OSM is located in Mosul
Location of airport in Mosul
Airport type Unknown (previously Public / Military)
Operator Islamic State of Iraq and the Levant (seized from Iraqi Government)
Location Mosul
Elevation AMSL 719 ft / 216 m
Coordinates 36°18′21″N 43°08′51″E / 36.30583°N 43.14750°E / 36.30583; 43.14750
Direction Length Surface
ft m
15/33 8,695 2,650 Concrete

Mosul International Airport (IATA: OSMICAO: ORBM) is an airport located at Mosul, capital of Nineveh Governorate, Iraq. It became a civil airport in 1990 with the rebuild of the runway (from asphalt to concrete) and construction of a new terminal. After undergoing major renovations to be able to reach international standards and category 1 status, it reopened as a civilian airport on 2 December 2007. On 9 June 2014, it was captured by militants from the Islamic State of Iraq and the Levant.[1]

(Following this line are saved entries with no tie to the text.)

(* Let $\mathcal{F}=(\mathcal{F}_1,\dots,\mathcal{F}_r)$ be a flag on $\mathbb{F}_{q^n}$ whose best friend is the subfield $\mathbb{F}_{q^m}$, and let $\beta\in\mathbb{F}_{q^n}^\ast\setminus\mathbb{F}_{q^m}^\ast$. (1) If exactly $j\geq 1$ of the subspaces $\mathcal{F}_1,\dots,\mathcal{F}_r$ have $\mathbb{F}_{q^m}$ as their best friend, then $d_f(\mathrm{Orb}_\beta(\mathcal{F}))\geq 2mj$. (2) If $d_f(\mathrm{Orb}_\beta(\mathcal{F}))=2m$, then $\mathbb{F}_{q^m}$ is the best friend of exactly one subspace of $\mathcal{F}$.
   Context: $q$ is a prime power and $\mathbb{F}_{q^n}$ is regarded as an $n$-dimensional $\mathbb{F}_q$-vector space; all subspaces are $\mathbb{F}_q$-subspaces. The subspace distance is $d_S(\mathcal{U},\mathcal{V})=\dim(\mathcal{U}+\mathcal{V})-\dim(\mathcal{U}\cap\mathcal{V})$. A flag $\mathcal{F}=(\mathcal{F}_1,\dots,\mathcal{F}_r)$ on $\mathbb{F}_{q^n}$ is a sequence of subspaces $\{0\}\subsetneq\mathcal{F}_1\subsetneq\cdots\subsetneq\mathcal{F}_r\subsetneq\mathbb{F}_{q^n}$; its type is $(\dim\mathcal{F}_1,\dots,\dim\mathcal{F}_r)$. The flag distance between flags of the same type is $d_f(\mathcal{F},\mathcal{F}')=\sum_{i=1}^r d_S(\mathcal{F}_i,\mathcal{F}'_i)$. A flag code is a nonempty set of flags of a fixed type; its minimum distance $d_f(\mathcal{C})$ is the minimum of $d_f$ over pairs of distinct elements (and $0$ if $|\mathcal{C}|=1$). For $\beta\in\mathbb{F}_{q^n}^\ast$ of multiplicative order $|\beta|$, $\mathcal{F}\beta=(\mathcal{F}_1\beta,\dots,\mathcal{F}_r\beta)$ and $\mathrm{Orb}_\beta(\mathcal{F})=\{\mathcal{F}\beta^j: 0\le j\le|\beta|-1\}$. A subfield $\mathbb{F}_{q^m}\subseteq\mathbb{F}_{q^n}$ is a friend of a subspace $\mathcal{U}$ if $\mathcal{U}$ is an $\mathbb{F}_{q^m}$-vector space (closed under multiplication by $\mathbb{F}_{q^m}$); the best friend of $\mathcal{U}$ is its largest friend. A subfield is a friend of a flag if it is a friend of all its subspaces; the best friend of a flag is its largest friend. *)

From HB Require Import structures.
From mathcomp Require Import all_boot all_order all_algebra all_field.
From Stdlib Require Import ClassicalEpsilon.
Set Implicit Arguments. Unset Strict Implicit. Unset Printing Implicit Defensive.
Import GRing.Theory.
Local Open Scope ring_scope.

(* F plays the role of F_q (a finite field), L the role of F_{q^n}, a finite
   dimensional field extension of F; "subspace" = {vspace L} (F-subspaces),
   "subfield of F_{q^n}" = {subfield L} (subfields containing F_q, i.e. all
   subfields F_{q^m}); m = \dim E. *)
Section FlagDefs.
Variables (F : finFieldType) (L : fieldExtType F).

Definition subspace_dist (U V : {vspace L}) : nat :=
  (\dim (U + V) - \dim (U :&: V))%N.

Definition strict_sub (U V : {vspace L}) : bool := (U <= V)%VS && (U != V).
Definition is_flag (f : seq {vspace L}) : bool :=
  path strict_sub 0%VS (rcons f fullv).

Definition flag_dist (f g : seq {vspace L}) : nat :=
  sumn [seq subspace_dist p.1 p.2 | p <- zip f g].

(* minimum distance of a flag code given as a list of flags
   (0 if there are no two distinct elements) *)
Definition min_dist (C : seq (seq {vspace L})) : nat :=
  let ds := [seq flag_dist x y | x <- C, y <- [seq y <- C | y != x]] in
  if ds is d :: ds' then foldr minn d ds' else 0%N.

Definition flag_mul (f : seq {vspace L}) (b : L) : seq {vspace L} :=
  [seq (U * <[b]>)%VS | U <- f].

(* multiplicative order of b (b <> 0): least k >= 1 with b^k = 1;
   such k exists with k <= #|F|^(dim L) - 1, so the search bound suffices *)
Definition mult_order (b : L) : nat :=
  (find (fun k => b ^+ k.+1 == 1) (iota 0 (#|F| ^ \dim (fullv : {vspace L}))%N)).+1.

Definition flag_orbit (f : seq {vspace L}) (b : L) : seq (seq {vspace L}) :=
  [seq flag_mul f (b ^+ j) | j <- iota 0 (mult_order b)].

Definition friend (E : {subfield L}) (U : {vspace L}) : bool := (E * U <= U)%VS.
(* best friend: the largest friend (Prop), and its boolean reflection
   (via classical excluded middle) so that subspaces can be counted *)
Definition is_best_friend (E : {subfield L}) (U : {vspace L}) : Prop :=
  friend E U /\ forall E' : {subfield L}, friend E' U -> (E' <= E)%VS.
Definition best_friend (E : {subfield L}) (U : {vspace L}) : bool :=
  if excluded_middle_informative (is_best_friend E U) then true else false.

Definition flag_friend (E : {subfield L}) (f : seq {vspace L}) : bool :=
  all (friend E) f.
Definition flag_best_friend (E : {subfield L}) (f : seq {vspace L}) : Prop :=
  flag_friend E f /\ forall E' : {subfield L}, flag_friend E' f -> (E' <= E)%VS.

End FlagDefs.

From HB Require Import structures.
From mathcomp Require Import all_boot all_order all_algebra all_field.
From mathcomp Require Import zify.
From Stdlib Require Import Classical ClassicalEpsilon.
Set Implicit Arguments. Unset Strict Implicit. Unset Printing Implicit Defensive.
Import GRing.Theory.
Local Open Scope ring_scope.

(* If U is a K-subspace then so is every U a, and two distinct K-subspaces
   of equal dimension are at subspace distance at least 2 dim K, because the
   dimensions of U, V and U :&: V are all multiples of dim K.  If U a = U b,
   then b / a stabilises U, so U is also a vector space over the field
   generated by its best friend and b / a; hence b / a lies in the best
   friend.  For U with best friend F_{q^m} this puts b / a in F_{q^m}, which
   fixes every subspace of the flag, so two distinct orbit elements differ
   in each of the j such components, each contributing at least 2m.  If
   j = 0, a component where they differ has a friend strictly larger than
   F_{q^m}, of dimension at least 2m, and contributes at least 4m; so
   distance exactly 2m forces j = 1. *)

Section Friends.
Variables (F : finFieldType) (L : fieldExtType F).
Implicit Types (U V : {vspace L}) (K E : {subfield L}).

Lemma prodv_lineM U a b : (U * <[a]> * <[b]> = U * <[a * b]>)%VS.
Proof. by rewrite -prodvA prodv_line. Qed.

Lemma dim_prodv_line U a : a != 0 -> \dim (U * <[a]>) = \dim U.
Proof.
move=> a0; have dim_le V b : (\dim (V * <[b]>) <= \dim V)%N.
  apply: leq_trans (dim_prodv _ _) _.
  by rewrite dim_vline; case: (b != 0); rewrite ?muln1 ?muln0.
apply/eqP; rewrite eqn_leq dim_le /=.
by rewrite -{1}[U]prodv1 -(mulfV a0) -prodv_lineM dim_le.
Qed.

Lemma prodv_line_eq1 U a b :
  a != 0 -> (U * <[a]> = U * <[b]>)%VS -> (U * <[b / a]> = U)%VS.
Proof. by move=> a0 eqab; rewrite -prodv_lineM -eqab prodv_lineM mulfV ?prodv1. Qed.

Lemma friend_prodv_line K U a : friend K U -> friend K (U * <[a]>).
Proof. by rewrite /friend prodvA => /prodvSl. Qed.

Lemma friend_cap K U V : friend K U -> friend K V -> friend K (U :&: V).
Proof.
move=> KU KV; rewrite /friend subv_cap.
by rewrite (subv_trans (prodvSr _ (capvSl U V))) ?(subv_trans (prodvSr _ (capvSr U V))).
Qed.

Lemma friend_prod_subfield E K U : friend E U -> friend K U -> friend (E * K)%AS U.
Proof. by rewrite /friend /= -prodvA => EU KU; exact: subv_trans (prodvSr _ KU) EU. Qed.

Lemma friend_prodv_line_id E U x :
  friend E U -> x \in E -> x != 0 -> (U * <[x]> = U)%VS.
Proof.
move=> EU xE x0; apply/eqP; rewrite eqEdim dim_prodv_line // leqnn andbT.
by rewrite prodvC (subv_trans _ EU) // prodvSl // -memvE.
Qed.

Lemma friend_adjoin E U g : friend E U -> (U * <[g]> = U)%VS -> friend <<E; g>>%AS U.
Proof.
move=> EU Ug; rewrite /friend agenv_modl // prodvDl subv_add -/(friend E U) EU.
by rewrite prodvC Ug subvv.
Qed.

Lemma subspace_dist_friend K U V : friend K U -> friend K V ->
  \dim U = \dim V -> U != V -> (2 * \dim K <= subspace_dist U V)%N.
Proof.
move=> KU KV dimUV neqUV; rewrite /subspace_dist.
have /dvdnP [c dimUV_c] := field_module_dimS (friend_cap KU KV).
have /dvdnP [d dimU_d] := field_module_dimS KU.
have ltUV : (\dim (U :&: V) < \dim U)%N.
  rewrite ltn_neqAle dimvS ?capvSl // andbT; apply: contra neqUV => /eqP eqUV.
  have /eqP capU : (U :&: V == U)%VS by rewrite eqEdim capvSl eqUV leqnn.
  by rewrite eqEdim -dimUV leqnn andbT -capU capvSr.
have := dimv_sum_cap U V; rewrite -dimUV.
move: ltUV; rewrite dimUV_c dimU_d ltn_mul2r => /andP [_ ltcd].
have : (\dim K + c * \dim K <= d * \dim K)%N by rewrite -mulSn leq_mul2r ltcd orbT.
move: (\dim K) (c * \dim K)%N (d * \dim K)%N (\dim (U + V)) => k ck dk s; lia.
Qed.

Lemma dim_prod_subfield E K : ~~ (K <= E)%VS -> (2 * \dim E <= \dim (E * K)%AS)%N.
Proof.
move=> notKE; have sEEK : (E <= (E * K)%AS)%VS by rewrite /= field_subvMr.
have /dvdnP [x dimEK] := field_dimS sEEK.
have : (\dim E < \dim (E * K)%AS)%N.
  rewrite ltn_neqAle dimvS // andbT; apply: contra notKE => /eqP dimE.
  have /eqP -> : (E == (E * K)%AS :> {vspace L}) by rewrite eqEdim sEEK dimE leqnn.
  by rewrite /= field_subvMl.
rewrite dimEK -{1}[\dim E]mul1n ltn_mul2r => /andP [_ lt1x].
by rewrite leq_mul2r lt1x orbT.
Qed.

Lemma best_friendE E U : best_friend E U <-> is_best_friend E U.
Proof. by rewrite /best_friend; case: excluded_middle_informative. Qed.

Lemma best_friend_stab E U g :
  is_best_friend E U -> (U * <[g]> = U)%VS -> g \in E.
Proof.
by move=> [EU maxE] Ug; apply: subvP (maxE _ (friend_adjoin EU Ug)) _ (memv_adjoin _ _).
Qed.

Lemma friend_not_best E U : friend E U -> ~~ best_friend E U ->
  exists2 K, friend K U & (2 * \dim E <= \dim K)%N.
Proof.
move=> EU /negP notbest.
have [K KU notKE] : exists2 K, friend K U & ~~ (K <= E)%VS.
  apply: NNPP => noK; apply/notbest/best_friendE; split=> // K KU.
  by apply: NNPP => notKE; apply: noK; exists K => //; apply/negP.
by exists (E * K)%AS; [apply: friend_prod_subfield | apply: dim_prod_subfield].
Qed.

End Friends.

Lemma leq_foldr_minn B d ds :
  (forall z, z \in d :: ds -> B <= z)%N -> (B <= foldr minn d ds)%N.
Proof.
elim: ds => [|e ds IH] lbB /=; first by rewrite lbB ?mem_head.
rewrite leq_min lbB ?inE ?eqxx ?orbT //=; apply: IH => z.
by rewrite !inE => /orP [] zin; apply: lbB; rewrite !inE zin ?orbT.
Qed.

Lemma foldr_minn_mem d ds : foldr minn d ds \in d :: ds.
Proof.
elim: ds => [|e ds IH] /=; first exact: mem_head.
rewrite !inE /minn; case: ltnP => _; rewrite ?eqxx ?orbT //.
by move: IH; rewrite inE => /orP [] ->; rewrite ?orbT.
Qed.

Section FlagCodes.
Variables (F : finFieldType) (L : fieldExtType F).
Implicit Types (C : seq (seq {vspace L})) (f x y : seq {vspace L}).

Definition distinct_pairs_dist C : seq nat :=
  [seq flag_dist x y | x <- C, y <- [seq y <- C | y != x]].

Lemma mem_distinct_pairs_dist C z : z \in distinct_pairs_dist C ->
  exists x y, [/\ x \in C, y \in C, y != x & z = flag_dist x y].
Proof.
by case/allpairsPdep => x [y [xC]]; rewrite mem_filter => /andP [yx yC] ->; exists x, y.
Qed.

Lemma min_dist_ge C B x0 y0 : x0 \in C -> y0 \in C -> y0 != x0 ->
  (forall x y, x \in C -> y \in C -> y != x -> B <= flag_dist x y)%N ->
  (B <= min_dist C)%N.
Proof.
move=> x0C y0C yx0 lbB; rewrite /min_dist -/(distinct_pairs_dist C).
have : flag_dist x0 y0 \in distinct_pairs_dist C.
  by apply/allpairsPdep; exists x0, y0; rewrite mem_filter yx0 y0C.
have := @mem_distinct_pairs_dist C.
case: (distinct_pairs_dist C) => // d ds dsC _; apply: leq_foldr_minn => z zin.
by have [x [y [xC yC yx ->]]] := dsC z zin; apply: lbB.
Qed.

Lemma min_dist_attained C : min_dist C != 0%N ->
  exists x y, [/\ x \in C, y \in C, y != x & min_dist C = flag_dist x y].
Proof.
rewrite /min_dist -/(distinct_pairs_dist C).
have := @mem_distinct_pairs_dist C.
by case: (distinct_pairs_dist C) => // d ds dsC _; apply/dsC/foldr_minn_mem.
Qed.

Lemma flag_dist_mul f a b : flag_dist (flag_mul f a) (flag_mul f b) =
  sumn [seq subspace_dist (U * <[a]>)%VS (U * <[b]>)%VS | U <- f].
Proof. by elim: f => //= U f IH; rewrite /flag_dist /= -IH. Qed.
(* Let $U\colon[0,1]^2\to[0,1]$ be a uninorm with neutral element $e\in(0,1)$, $U\in\mathcal U$, and let $a<b$ be idempotent elements of $U$ such that there is no idempotent element of $U$ in $(a,b)$. If there exist $y\in[0,1]$ and $x_1,x_2\in(a,b)$ with $x_1<x_2$ such that $u_{x_1}$ and $u_{x_2}$ are both non-continuous at $y$, then $U$ is pseudo-internal on $[a,b]\times[0,1]$, i.e. $U(x,z)\in\{x,z\}$ for all $(x,z)\in [a,b]\times[0,1]$ with $(x,z)\in[0,e]\times[e,1]\cup[e,1]\times[0,e]$.
   Context: A uninorm is a commutative, associative binary operation on $[0,1]$, non-decreasing in each variable, with a neutral element $e$. Underlying t-norm $T_U(x,y)=U(ex,ey)/e$, underlying t-conorm $C_U(x,y)=(U(e+(1-e)x,e+(1-e)y)-e)/(1-e)$; $\mathcal U$ is the class of uninorms for which both are continuous. For $x\in[0,1]$, $u_x(z)=U(x,z)$. An idempotent element is $x$ with $U(x,x)=x$. $U$ is pseudo-internal (on a set) if it is internal, i.e. $U(x,z)\in\{x,z\}$, at all points of that set lying in $[0,e]\times[e,1]\cup[e,1]\times[0,e]$. *)

From Stdlib Require Export Reals Lra.
Open Scope R_scope.

Definition I01 (x : R) : Prop := 0 <= x <= 1.

(* A uninorm on [0,1] with neutral element e. Only values on [0,1]^2 matter. *)
Definition uninorm (U : R -> R -> R) (e : R) : Prop :=
  I01 e /\
  (forall x y, I01 x -> I01 y -> I01 (U x y)) /\
  (forall x y, I01 x -> I01 y -> U x y = U y x) /\
  (forall x y z, I01 x -> I01 y -> I01 z -> U x (U y z) = U (U x y) z) /\
  (forall x1 x2 y, I01 x1 -> I01 x2 -> I01 y -> x1 <= x2 -> U x1 y <= U x2 y) /\
  (forall x, I01 x -> U e x = x).

(* Underlying t-norm and t-conorm (meaningful for 0 < e < 1). *)
Definition T_U (U : R -> R -> R) (e : R) (x y : R) : R := U (e * x) (e * y) / e.
Definition C_U (U : R -> R -> R) (e : R) (x y : R) : R :=
  (U (e + (1 - e) * x) (e + (1 - e) * y) - e) / (1 - e).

The airfield was used by the British Royal Air Force (RAF) at the end of the Mesopotamian Campaign of World War I and from 1920 RAF aircraft squadrons (and from 1922 also Royal Air Force Armoured Car Companies) were based there while Iraq was under the League of Nations British Mandate.[2][3] RAF Mosul was handed over to the Royal Iraqi Air Force in 1936 under the terms of the 1931 Mandate but was used again by the RAF during World War II.[4] It subsequently became a major Iraqi Air Force base, with at least a squadron of MiG-21s stationed there.

The military air base was one of several Iraqi Air Force airfields in the mid-1970s which were re-built under project "Super-Base" in response to the experiences from Arab-Israeli wars in 1967 and 1973.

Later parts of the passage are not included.